1. This is an appeal under the Letters Patent against the judgment of Mr. Justice Shelat dismissing summarily the appellant's petition under Art. 226 of the Constitution.

2. The facts which have led up to this appeal are briefly as follows. The petitioner is a registered union of workers of the B.E.S.T. undertaking, and was registered as a representative union by the Registrar of Unions under S. 13(1) of the Bombay Industrial Relations Act, 1946. The union was for the local area of the city of Bombay. That area was altered by a notification of the Government dated 16 April, 1958. Now, by reason of the alteration of the local area, it became necessary for the appellant union to make a fresh application for registration as a representative union under S. 13(1) of the Act. It made such an application on 30 October 1958.

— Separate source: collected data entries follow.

(* Let $(N,\langle\cdot,\cdot\rangle,\varphi)$ be a modified $H$-type group (see context), with $m=\dim\mathfrak v$. The scalar curvature of $N$ is constant and equal to $S=-\dfrac{m\xi}{4}$.
   Context: Let $N$ be a 2-step nilpotent real Lie group with Lie algebra $\mathfrak n$, Lie bracket $[\cdot,\cdot]$ and center $\mathfrak z$, endowed with a left-invariant pseudo-Riemannian metric $\langle\cdot,\cdot\rangle$ for which $\mathfrak z$ is nondegenerate. Put $\mathfrak v=\mathfrak z^\perp$. For $z\in\mathfrak z$ define $j(z)\in\mathrm{End}(\mathfrak v)$ by $\langle [x,y],z\rangle=\langle y,j(z)x\rangle$ for all $x,y\in\mathfrak v$. Given a quadratic form $\varphi$ on $\mathfrak z$, $(N,\langle\cdot,\cdot\rangle,\varphi)$ is a modified $H$-type group if $j(z)^2=-\varphi(z)\,\mathrm{Id}_{\mathfrak v}$ for all $z\in\mathfrak z$. With $\{z_1,\dots,z_p\}$ a pseudo-orthonormal basis of $\mathfrak z$, $\xi=\sum_{k}\langle z_k,z_k\rangle\varphi(z_k)$. *)

(* Lie algebra = finite-dimensional real vector space (vectType). *)
From HB Require Import structures.
From mathcomp Require Import all_boot all_order all_algebra.
From mathcomp Require Import reals.
Set Implicit Arguments. Unset Strict Implicit. Unset Printing Implicit Defensive.
Import Order.TTheory GRing.Theory Num.Theory.
Local Open Scope ring_scope.

Section Defs.
Variables (R : realType) (V : vectType R).

Definition bas : (\dim (fullv : {vspace V})).-tuple V := vbasis fullv.

Definition ltrace (f : V -> V) : R :=
  \sum_(i < \dim (fullv : {vspace V})) coord bas i (f (tnth bas i)).

Definition lie_bilinear_form (g : V -> V -> R) :=
  (forall a x y z, g (a *: x + y) z = a * g x z + g y z) /\
  (forall a x y z, g z (a *: x + y) = a * g z x + g z y).
Definition lie_symmetric_form (g : V -> V -> R) := forall x y, g x y = g y x.
Definition lie_nondegenerate_form (g : V -> V -> R) :=
  forall x, (forall y, g x y = 0) -> x = 0.

(* a bilinear bracket which is skew; Jacobi is automatic for 2-step nilpotent *)
Definition lie_bilinear_map (br : V -> V -> V) :=
  (forall a x y z, br (a *: x + y) z = a *: br x z + br y z) /\
  (forall a x y z, br z (a *: x + y) = a *: br z x + br z y).
Definition lie_skew_map (br : V -> V -> V) := forall x y, br x y = - br y x.

Definition two_step_nilpotent (br : V -> V -> V) :=
  (forall x y w, br (br x y) w = 0) /\ (exists x y, br x y != 0).

(* Levi-Civita connection of a left-invariant metric, restricted to
   left-invariant fields: Koszul formula *)
Definition is_LC_connection (g : V -> V -> R) (br : V -> V -> V)
  (nab : V -> V -> V) :=
  forall x y z, 2 * g (nab x y) z = g (br x y) z - g (br y z) x + g (br z x) y.

Definition curv (br nab : V -> V -> V) (x y z : V) : V :=
  nab x (nab y z) - nab y (nab x z) - nab (br x y) z.

Definition ricci (br nab : V -> V -> V) (y z : V) : R :=
  ltrace (fun x => curv br nab x y z).

Definition gram (g : V -> V -> R) : 'M[R]_(\dim (fullv : {vspace V})) :=
  \matrix_(i, j) g (tnth bas i) (tnth bas j).

Definition scalar_curvature (g : V -> V -> R) (br nab : V -> V -> V) : R :=
  \sum_(i < \dim (fullv : {vspace V})) \sum_(j < \dim (fullv : {vspace V}))
    (invmx (gram g)) i j * ricci br nab (tnth bas i) (tnth bas j).

Definition pseudo_orthonormal_basis (g : V -> V -> R) (U : {vspace V})
  (zs : seq V) :=
  basis_of U zs /\
  (forall k l, (k < size zs)%N -> (l < size zs)%N -> k != l ->
     g zs`_k zs`_l = 0) /\
  (forall k, (k < size zs)%N -> g zs`_k zs`_k = 1 \/ g zs`_k zs`_k = -1).

End Defs.

From HB Require Import structures.
From mathcomp Require Import all_boot all_order all_algebra.
From mathcomp Require Import reals.
From mathcomp Require Import ring lra.
Set Implicit Arguments. Unset Strict Implicit. Unset Printing Implicit Defensive.
Import Order.TTheory GRing.Theory Num.Theory.
Local Open Scope ring_scope.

3. Prior to this application, respondent 3, which is also a trade union of employees employed in the same industry as the members of the appellant union, had also made an application to the Registrar under S. 13(1) of the Act for being registered as a representative union of the workers engaged in that industry. This application was made on 30 August, 1958. The Registrar commenced to inquire into this application. After the appellant union filed its application, its representatives approached the Registrar for inquiring into both the applications, that is, the appellant's application and that of respondent 3 side by side with one another. Some discussions took place between the representatives of the appellant union and the Registrar, and some correspondence also passed between them. Eventually, the appellant realized that the Registrar was disinclined to deal with its application till the application of respondent 3 was disposed of, and it therefore made a petition to this Court under Art. 226 of the Constitution for issue of an appropriate writ to the Registrar directing him to hear both the applications together, and also forbidding him from registering respondent 3 under S. 14 of the Act before dealing with the appellant's application.

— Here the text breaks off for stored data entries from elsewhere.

Lemma dual_norm_ell1_form_ge (a : nat -> R) : in_l1 a ->
  3 / 4 * l1_norm a <= dual_norm (ell1_form a).
Proof.
move=> a1; suff : l1_norm a <= 4 / 7 * (dual_norm (ell1_form a) + l1_norm a) by lra.
apply: (limr_le a1); apply: nearW => N.
by have := dual_norm_ell1_form_ge_partial N a1; lra.
Qed.

End Ell1Embedding.

Unset Implicit Arguments.

Theorem corollary3p7 (R : realType) (X : completeNormedModType R) :
  (exists x : X, x != 0) -> strong_diameter_two X -> dual_contains_l1 X.
Proof.
move=> nontrivial sd2.
have [Y [Yc Ysign]] := exists_sign_sequence nontrivial sd2.
have Ymargin N := sign_attained_margin Yc (Ysign N).
exists (ell1_form Y), (3 / 4), 1; do 2!(split; first lra).
split=> [a a1|]; first split.
- exact: ell1_form_linear.
- exact: linear_form_continuous (ell1_form_linear Yc a1) (fun x => ell1_form_le Yc x a1).
split=> [k a b a1 b1 x|a a1]; first exact: ell1_formD.
split; first by have := dual_norm_ell1_form_ge Yc Ymargin a1.
by rewrite mul1r dual_norm_le // => x; exact: ell1_form_bounded.
Qed.
Lemma split_noninclusive_bij m : 0 < m ->
  exists f : split_pair (2 * m) -> {S : {fset {fset nat}} | noninclusive_SAD m S},
    bijective f.
Proof.
move=> m_gt0.
apply: (@split_fold_bij _ _ fold_even (fun A => unfold_even (fmax A) A)).
- by lia.
- move=> X symX cardX.
  have X_even : ~~ odd #|` X| by rewrite cardX; lia.
  have X_gt0 : 0 < #|` X| by rewrite cardX; lia.
  by rewrite fmax_fold_even // unfold_fold_even.
- by move=> R C; apply: split_noninclusive_SAD.
- by move=> S; apply: noninclusive_SAD_split.
Qed.

Lemma split_inclusive_bij m : 0 < m ->
  exists f : split_pair (2 * m + 1) -> {S : {fset {fset nat}} | inclusive_SAD m S},
    bijective f.
Proof.
move=> m_gt0.
apply: (@split_fold_bij _ _ fold_odd (fun A => unfold_odd (fmax A) A)).
- by lia.
- move=> X symX cardX.
  have X_odd : odd #|` X| by rewrite cardX addn1 /= oddM.
  have X_gt1 : 1 < #|` X| by rewrite cardX; lia.
  by rewrite fmax_fold_odd // unfold_fold_odd.
- by move=> R C; apply: split_inclusive_SAD.
- by move=> S; apply: inclusive_SAD_split.
Qed.

Theorem theorem5 (m : nat) (hm : (1 <= m)%N) :
  (exists f : {S : {fset {fset nat}} | noninclusive_SAD m S} ->
              {M : 'M[int]_(2 * m) | principal_reversible_square M},
      bijective f) /\
  (exists g : {S : {fset {fset nat}} | inclusive_SAD m S} ->
              {M : 'M[int]_(2 * m + 1) | principal_reversible_square M},
      bijective g).
Proof.
split.
  have [square_split_f square_split_bij] := principal_split_bij (ltac:(lia) : 1 < 2 * m).
  have [split_sad_f split_sad_bij] := split_noninclusive_bij hm.
  exact: exists_inv_bij (bij_comp split_sad_bij square_split_bij).
have [square_split_f square_split_bij] := principal_split_bij (ltac:(lia) : 1 < 2 * m + 1).
have [split_sad_f split_sad_bij] := split_inclusive_bij hm.
exact: exists_inv_bij (bij_comp split_sad_bij square_split_bij).
Qed.
Lemma mcoeff_comp_msquares n (q : {mpoly R[n]}) m :
  (q \mPo msquares n)@_(m *+ 2) = q@_m.
Proof.
rewrite comp_mpolyEX.
under eq_bigr do rewrite comp_msquaresX -[q@__]mulr1.
by rewrite (mcoeff_sum_inj _ _ _ (@mulmn2_inj n)) mulr1.
Qed.

Lemma comp_msquares_inj n : injective (comp_mpoly (msquares n)).
Proof.
move=> p q pq; apply/mpolyP => m.
by rewrite -(mcoeff_comp_msquares p) -(mcoeff_comp_msquares q) /= pq.
Qed.

Lemma comp_msquares_even n (p : {mpoly R[n]}) :
    (forall m, m \in msupp p -> forall j, ~~ odd (m j)) ->
  exists q, p = q \mPo msquares n.
Proof.
move=> p_even.
exists (\sum_(m <- msupp p) p@_m *: 'X_[[multinom (m j)./2 | j < n]]).
rewrite linear_sum {1}[p]mpolyE; apply: eq_big_seq => m mp.
rewrite linearZ /= comp_msquaresX; congr (_ *: 'X_[_]).
apply/mnmP => j; rewrite mulmnE mnmE muln2 -[LHS]odd_double_half.
by rewrite (negbTE (p_even m mp j)) add0n.
Qed.

Lemma msym_comp_msquares n (s : 'S_n) (q : {mpoly R[n]}) :
  msym s (q \mPo msquares n) = msym s q \mPo msquares n.
Proof.
rewrite msym_comp comp_mpolyA msym_mPo; apply: eq_comp_mpoly => i.
by rewrite !tnth_mktuple rmorphXn /= comp_mpolyX_tnth tnth_mktuple.
Qed.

4. Along with the writ petition, the appellant also made an application for issue of an interim injunction restraining the Registrar from proceeding further with the inquiry into the application made by respondent 3. Mr. Justice Shelat, before whom the matter came, did not issue a rule in the writ petition, but merely granted an ad interim injunction to the appellant and issued a rule returnable within two days to the Registrar to show cause why the injunction should not be granted. At the hearing of this matter, not only the Registrar, who is respondent 2 before us, but also respondent 3 appeared and opposed the grant of an interim injunction. After hearing them, Mr. Justice Shelat not only dissolved the ad interim injunction granted by him, but dismissed the petition of the appellant under Art. 226 of the Constitution.

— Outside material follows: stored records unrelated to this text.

Lemma normc_ee_sub1_ge u : `|u| <= 2^-1 -> `|u| <= normc (ee u - 1).
Proof.
move=> u_le_half.
have pi_ge2 := pi_ge2 R.
have arg_le_pi : `|2 * pi * u| <= pi.
  rewrite normrM ger0_norm ?mulr_ge0 ?pi_ge0 //; nra.
have := one_sub_cos_ge _ arg_le_pi; rewrite !exprMn => cos_bound.
rewrite -(@ler_pXn2r _ 2) ?nnegrE ?normc_ge0 // normc_ee_sub1_sqr.
rewrite real_normK ?num_real //.
have : 4 <= pi ^+ 2 :> R by nra.
have := sqr_ge0 u; nra.
Qed.

Lemma normc_ee_sub1_le u : normc (ee u - 1) <= 2 * pi * `|u|.
Proof.
rewrite -(@ler_pXn2r _ 2) ?nnegrE ?normc_ge0 ?mulr_ge0 ?pi_ge0 //.
rewrite normc_ee_sub1_sqr !exprMn real_normK ?num_real //.
have := cos_ge_taylor2 (2 * pi * u); rewrite !exprMn; lra.
Qed.

Lemma normc_sub1_le2 w : normc w = 1 -> normc (w - 1) <= 2.
Proof.
move=> w_unit; apply: le_trans (le_normcD _ _) _.
by rewrite normcN ComplexField.Normc.normc1 w_unit; lra.
Qed.

Lemma ee_sub1_geom th (p : nat) :
  (ee th - 1) * (\sum_(0 <= n < p) ee th ^+ n) = ee (p%:R * th) - 1.
Proof. by rewrite ee_natmul subrX1 big_mkord. Qed.

(* [ee d = ee th] says that [d] represents [th] modulo [1]. *)
Lemma normc_geom_ee_le th d r (p : nat) : 0 < r -> r <= `|d| <= 2^-1 ->
  ee d = ee th -> normc (\sum_(0 <= n < p) ee th ^+ n) <= 2 / r.
Proof.
move=> r_gt0 /andP[r_le_d d_le_half] ee_dth.
have := normc_ge0 (\sum_(0 <= n < p) ee th ^+ n).
have : normc (ee th - 1) * normc (\sum_(0 <= n < p) ee th ^+ n) <= 2.
  by rewrite -ComplexField.Normc.normcM ee_sub1_geom normc_sub1_le2 ?normc_ee.
have : r <= normc (ee th - 1) by rewrite -ee_dth (le_trans r_le_d) ?normc_ee_sub1_ge.
rewrite ler_pdivlMr //; nra.
Qed.

(* For [|th| <= 1/(2p)] the bounds [p |th| <= |ee (p th) - 1|] and
   [|ee th - 1| <= 2 pi |th| < 8 |th|] give the lower bound. *)
Lemma normc_geom_ee_ge th (p : nat) : (0 < p)%N -> `|th| <= (2 * p%:R)^-1 ->
  p%:R / 8 <= normc (\sum_(0 <= n < p) ee th ^+ n).
Proof.
move=> p_gt0 th_small.
have p_gt0' : 0 < p%:R :> R by rewrite ltr0n.
have [->|th_neq0] := eqVneq th 0.
  rewrite ee0 (eq_bigr (fun=> 1)) => [|n _]; last by rewrite expr1n.
  rewrite sumr_const_nat subn0 -[(1 : R[i]) *+ p](rmorph_nat (real_complex R)).
  rewrite normc_real ger0_norm ?ler0n //; lra.
have th_gt0 : 0 < `|th| by rewrite normr_gt0.
have pth_le_half : `|p%:R * th| <= 2^-1.
  rewrite normrM ger0_norm ?ler0n //.
  apply: (le_trans (ler_wpM2l (ltW p_gt0') th_small)).
  by rewrite invfM mulrCA mulfV ?gt_eqF // mulr1.
have := normc_ee_sub1_ge _ pth_le_half.
rewrite -ee_sub1_geom ComplexField.Normc.normcM normrM ger0_norm ?ler0n //.
have := normc_ee_sub1_le th.
have := normc_ge0 (\sum_(0 <= n < p) ee th ^+ n).
have : pi < 4 :> R by have := pihalf_lt2 R; lra.
set S := normc _; set W := normc _ => pi_lt4 S_ge0 W_le pW_le.
have W_le8 : W <= 8 * `|th| by nra.
rewrite -(ler_pM2r th_gt0); nra.
Qed.

End UnitCircle.

Section Averages.
Context {R : realType}.
Notation normc := (@ComplexField.Normc.normc R).
Variable a : nat -> nat.

Lemma iter_f (n : nat) (z : R * R) : iter n (@f R) z = (z.1 + n%:R * z.2, z.2).
Proof.
elim: n => [|n IHn]; first by rewrite /= mul0r addr0; case: z.
by rewrite iterS IHn /f /= -addn1 natrD mulrDl mul1r addrA.
Qed.

Lemma s_geom (p : nat) (z : R * R) :
  s a p z = (p%:R^-1)%:C%C * ee z.1 *
    \sum_(0 <= n < p) ee (z.2 - (a p)%:R / p%:R) ^+ n.
Proof.
rewrite /s -mulrA; congr (_ * _); rewrite mulr_sumr; apply: eq_bigr => n _.
by rewrite iter_f /phi /t /= -ee_natmul -!eeD; congr ee; ring.
Qed.

Lemma normc_s (p : nat) (z : R * R) :
  normc (s a p z) =
    p%:R^-1 * normc (\sum_(0 <= n < p) ee (z.2 - (a p)%:R / p%:R) ^+ n).
Proof.
rewrite s_geom !ComplexField.Normc.normcM normc_ee mulr1 normc_real.
by rewrite ger0_norm // invr_ge0 ler0n.
Qed.

(* Here [r] bounds from below the distance from [y] to [a p / p] modulo [1]. *)
Lemma normc_s_le (p : nat) (x y r : R) : (a p < p)%N -> 0 <= y < 1 -> 0 < r ->
  r <= `|y - (a p)%:R / p%:R| -> r <= `|y - ((a p)%:R / p%:R + 1)| ->
  r <= `|y - ((a p)%:R / p%:R - 1)| ->
  normc (s a p (x, y)) <= p%:R^-1 * (2 / r).
Proof.
move=> ap_lt_p /andP[y_ge0 y_lt1] r_gt0 r_le r_le_D1 r_le_B1.
rewrite normc_s ler_wpM2l ?invr_ge0 ?ler0n //=.
set c := (a p)%:R / p%:R in r_le r_le_D1 r_le_B1 *.
have p_gt0 : 0 < p%:R :> R by rewrite ltr0n (leq_ltn_trans _ ap_lt_p).
have c_ge0 : 0 <= c by rewrite divr_ge0 ?ler0n.
have c_lt1 : c < 1 by rewrite ltr_pdivrMr // mul1r ltr_nat.
have geom_le d : r <= `|d| -> `|d| <= 2^-1 -> ee d = ee (y - c) ->
    normc (\sum_(0 <= n < p) ee (y - c) ^+ n) <= 2 / r.
  by move=> r_le_d d_le ee_d; apply: normc_geom_ee_le r_gt0 _ ee_d; rewrite r_le_d.
have [th_gt_half|th_le_half] := ltP (2^-1) (y - c).
  apply: geom_le r_le_D1 _ _; last by rewrite opprD addrA eeB1.
  by rewrite ler_norml; apply/andP; split; lra.
have [th_lt_Nhalf|th_ge_Nhalf] := ltP (y - c) (- 2^-1).
  apply: geom_le r_le_B1 _ _; last by rewrite opprB addrCA addrC eeD1.
  by rewrite ler_norml; apply/andP; split; lra.
by apply: geom_le r_le _ _; rewrite // ler_norml; apply/andP; split; lra.
Qed.

Lemma normc_s_ge (p : nat) (x y : R) : (0 < p)%N ->
  `|y - (a p)%:R / p%:R| <= (2 * p%:R)^-1 -> 8^-1 <= normc (s a p (x, y)).
Proof.
move=> p_gt0 y_close; rewrite normc_s /=.
have := normc_geom_ee_ge _ _ p_gt0 y_close.
have p_gt0' : 0 < p%:R :> R by rewrite ltr0n.
rewrite -(@ler_pM2l _ p%:R^-1) ?invr_gt0 // => /(le_trans _); apply.
by rewrite mulKf ?gt_eqF.
Qed.

End Averages.

#[local] Instance ae_mu2_filter (R : realType) : Filter (almost_everywhere (@mu2 R)) :=
  ae_filter_ringOfSetsType ((@lebesgue_measure R) \x (@lebesgue_measure R))%E.

Lemma ae_snd {R : realType} (Q : R -> Prop) :
  {ae @lebesgue_measure R, forall y, Q y} -> {ae @mu2 R, forall z, Q z.2}.
Proof.
move=> [N [mN N0 notQ_N]]; exists (setT `*` N); split.
- exact: measurableX.
- by rewrite /mu2 product_measure1E //; move: N0 => /= ->; rewrite mule0.
- by move=> [x y] /= notQ; split => //; apply: notQ_N.
Qed.

Section BorelCantelli.
Context {R : realType}.
Notation leb := (@lebesgue_measure R).
Notation normc := (@ComplexField.Normc.normc R).
Context {a : nat -> nat} {P : set nat}.
Hypothesis ha : forall p, prime p -> (a p < p)%N.
Hypothesis P_prime : P `<=` primes_set.
Hypothesis P_summable : (\sum_(p <oo | p \in P) ((p%:R : R)^-1)%:E < +oo)%E.

(* The radius makes the bound [2 / (p r)] of [normc_s_le] equal to [1 / (2 (m + 1))]. *)
Let radius (m p : nat) : R := 4 * m.+1%:R / p%:R.

Definition close_to_ap (m p : nat) : set R :=
  if p \in P then
    let c : R := (a p)%:R / p%:R in
    ball c (radius m p) `|` ball (c + 1) (radius m p) `|` ball (c - 1) (radius m p)
  else set0.

Lemma measurable_close_to_ap m p : measurable (close_to_ap m p).
Proof.
rewrite /close_to_ap; case: ifP => _ //.
by apply: measurableU; [apply: measurableU|]; apply: measurable_ball.
Qed.

Lemma close_to_ap_measure_le m p :
  (leb (close_to_ap m p) <= (24 * m.+1%:R / p%:R)%:E)%E.
Proof.
rewrite /close_to_ap; case: ifP => _; last by rewrite measure0 lee_fin divr_ge0 ?mulr_ge0.
have ball_measure c : (leb (ball c (radius m p)) <= (radius m p *+ 2)%:E)%E.
  by rewrite lebesgue_measure_ball // divr_ge0 ?mulr_ge0 ?ler0n.
apply: le_trans (measureU2 _ _ _) _; [apply: measurableU|..]; try exact: measurable_ball.
apply: le_trans (leeD (measureU2 _ _ _) (lexx _)) _; try exact: measurable_ball.
apply: le_trans (leeD (leeD (ball_measure _) (ball_measure _)) (ball_measure _)) _.
by rewrite -!EFinD lee_fin /radius; lra.
Qed.

Lemma limsup_close_to_ap_negligible m : leb.-negligible (lim_sup_set (close_to_ap m)).
Proof.
have measurable_limsup : measurable (lim_sup_set (close_to_ap m)).
  apply: bigcapT_measurable => n; apply: bigcup_measurable => k _.
  exact: measurable_close_to_ap.
apply/negligibleP => //; apply: lim_sup_set_cvg0; first exact: measurable_close_to_ap.
have -> : (\sum_(p <oo) leb (close_to_ap m p) =
           \sum_(p <oo | p \in P) leb (close_to_ap m p))%E.
  rewrite [RHS]eseries_mkcond; apply: eq_eseriesr => p _.
  by rewrite /close_to_ap; case: ifP => // _; rewrite measure0.
apply: (@le_lt_trans _ _
  (\sum_(p <oo | p \in P) ((24 * m.+1%:R)%:E * ((p%:R : R)^-1)%:E))%E).
  apply: lee_nneseries => [p _ _|p _]; first exact: measure_ge0.
  by rewrite -EFinM; apply: close_to_ap_measure_le.
rewrite nneseriesZl => [|p _]; last by rewrite lee_fin invr_ge0 ler0n.
by apply: lte_mul_pinfty => //; rewrite lee_fin mulr_ge0 ?ler0n.
Qed.

Lemma normc_s_le_off_close m p (x y : R) : p \in P -> 0 <= y < 1 ->
  ~ close_to_ap m p y -> normc (s a p (x, y)) <= (2 * m.+1%:R)^-1.
Proof.
move=> pP y01; rewrite /close_to_ap pP /= => not_close.
have far c : ~ ball c (radius m p) y -> radius m p <= `|y - c|.
  by rewrite -ball_normE /= distrC leNgt => /negP.
have p_prime : prime p := P_prime _ (set_mem pP).
have p_gt0 := prime_gt0 p_prime.
have radius_gt0 : 0 < radius m p by rewrite /radius divr_gt0 ?mulr_gt0 ?ltr0n.
have -> : (2 * m.+1%:R)^-1 = p%:R^-1 * (2 / radius m p).
  by rewrite /radius; field; rewrite !gt_eqF ?ltr0n.
apply: normc_s_le (ha _ p_prime) y01 radius_gt0 _ _ _;
  apply: far => close; apply: not_close.
- by left; left.
- by left; right.
- by right.
Qed.

Lemma cvg_along_s0_off_limsup (x y : R) : 0 <= y < 1 ->
  ~ (\bigcup_m lim_sup_set (close_to_ap m)) y ->
  cvg_along P (fun p => s a p (x, y)) 0.
Proof.
move=> y01 not_limsup eps eps_gt0.
pose m := Num.bound eps^-1.
have eps_inv_lt : eps^-1 < m.+1%:R.
  by apply: lt_trans (archi_boundP _) _; rewrite ?invr_ge0 ?ltW ?ltr_nat.
have [n not_close] : exists n, forall p, (n <= p)%N -> ~ close_to_ap m p y.
  apply: contrapT => frequently_close; apply: not_limsup; exists m => // k _.
  apply: contrapT => not_close; apply: frequently_close; exists k => p kp close.
  by apply: not_close; exists p.
exists n => p pP np; rewrite subr0.
apply: le_lt_trans (normc_s_le_off_close _ _ x _ (mem_set pP) y01 (not_close p np)) _.
rewrite -(ltf_pV2 _ _) ?posrE ?invr_gt0 ?mulr_gt0 ?ltr0n // invrK.
by apply: lt_le_trans eps_inv_lt _; rewrite ler_peMl ?ler0n ?ler1n.
Qed.

Lemma ae_cvg_along_s0 :
  {ae @mu2 R, forall z, z \in @torus R -> cvg_along P (fun p => s a p z) 0}.
Proof.
have limsup_negligible : leb.-negligible (\bigcup_m lim_sup_set (close_to_ap m)).
  exact/negligible_bigcup/limsup_close_to_ap_negligible.
have : {ae leb, forall y, ~ (\bigcup_m lim_sup_set (close_to_ap m)) y}.
  by apply: negligibleS limsup_negligible => y /= /contrapT.
move/ae_snd; apply: filterS => -[x y] /= not_limsup.
rewrite inE => -[_ /=]; rewrite in_itv /= => y01.
exact: cvg_along_s0_off_limsup.
Qed.

End BorelCantelli.

Lemma infinite_set_nat_ge (A : set nat) :
  infinite_set A -> forall N, exists2 p, A p & (N <= p)%N.
Proof.
move=> A_inf N.
have [p [Ap p_notin]] := infinite_setN0 (infinite_setD A_inf (finite_II N)).
by exists p => //; rewrite leqNgt; apply/negP.
Qed.

Fixpoint sparse_prime (k : nat) : nat :=
  if k is k'.+1 then s2val (prime_above (2 * sparse_prime k')) else 2.

Lemma sparse_prime_prime k : prime (sparse_prime k).
Proof. by case: k => [|k] //=; case: prime_above. Qed.

Lemma sparse_primeS_gt k : (2 * sparse_prime k < sparse_prime k.+1)%N.
Proof. by rewrite /=; case: prime_above. Qed.

Lemma sparse_prime_ge k : (2 ^ k.+1 <= sparse_prime k)%N.
Proof.
elim: k => [|k IHk] //; apply: ltnW; apply: leq_ltn_trans (sparse_primeS_gt k).
by rewrite expnS leq_mul2l IHk orbT.
Qed.

Lemma sparse_prime_inj : injective sparse_prime.
Proof.
have sparse_prime_mono : {homo sparse_prime : i j / (i < j)%N}.
  apply: homo_ltn => [|k]; first exact: ltn_trans.
  by apply: leq_ltn_trans (sparse_primeS_gt k); rewrite leq_pmull.
move=> i j eq_ij; apply/eqP; apply: contraT; rewrite neq_ltn.
by case/orP => /sparse_prime_mono; rewrite eq_ij ltnn.
Qed.

Definition sparse_primes : set nat := range sparse_prime.

Lemma sparse_primes_prime : sparse_primes `<=` primes_set.
Proof. by move=> _ [k _ <-]; apply: sparse_prime_prime. Qed.

Lemma infinite_sparse_primes : infinite_set sparse_primes.
Proof.
move=> fin; apply: infinite_nat.
have := @inj_card_eq _ _ setT sparse_prime (fun x y _ _ => @sparse_prime_inj x y).
by rewrite card_eq_le => /andP[_ /card_le_finite]; apply.
Qed.

Lemma sparse_primes_summable {R : realType} :
  (\sum_(p <oo | p \in sparse_primes) ((p%:R : R)^-1)%:E < +oo)%E.
Proof.
have inv_ge0 n : (0 <= ((n%:R : R)^-1)%:E)%E by rewrite lee_fin invr_ge0 ler0n.
rewrite nneseries_esum // set_mem_set esum_set_image //; last first.
  by move=> x y _ _; apply: sparse_prime_inj.
rewrite (eq_eseriesl (Q := xpredT)); last by move=> k; rewrite in_setT.
have geom := @cvg_geometric_eseries_half R 1 0.
rewrite expr0 divr1 in geom.
apply: (@le_lt_trans _ _ (\sum_(k <oo) ((1 / (2 ^ (k + 1))%N%:R)%:E : \bar R))%E).
  apply: lee_nneseries => [k _ _|k _]; first by rewrite lee_fin invr_ge0 ler0n.
  rewrite lee_fin div1r lef_pV2 ?posrE ?ltr0n ?expn_gt0 ?prime_gt0 ?sparse_prime_prime //.
  by rewrite ler_nat addn1 sparse_prime_ge.
by rewrite (cvg_lim _ geom) // ltry.
Qed.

5. It was contended before us that the ground on which Mr. Justice Shelat dismissed the appellant's petition was that the appellant was guilty of laches, and there was undue delay in making the petition under Art. 226. It was also urged that where there is a delay in making a petition, the Court has discretion in the matter of condoning the delay, and where the Court has exercised the discretion in a particular way, it would not be open to the appellate Court to interfere with the exercise of its discretion.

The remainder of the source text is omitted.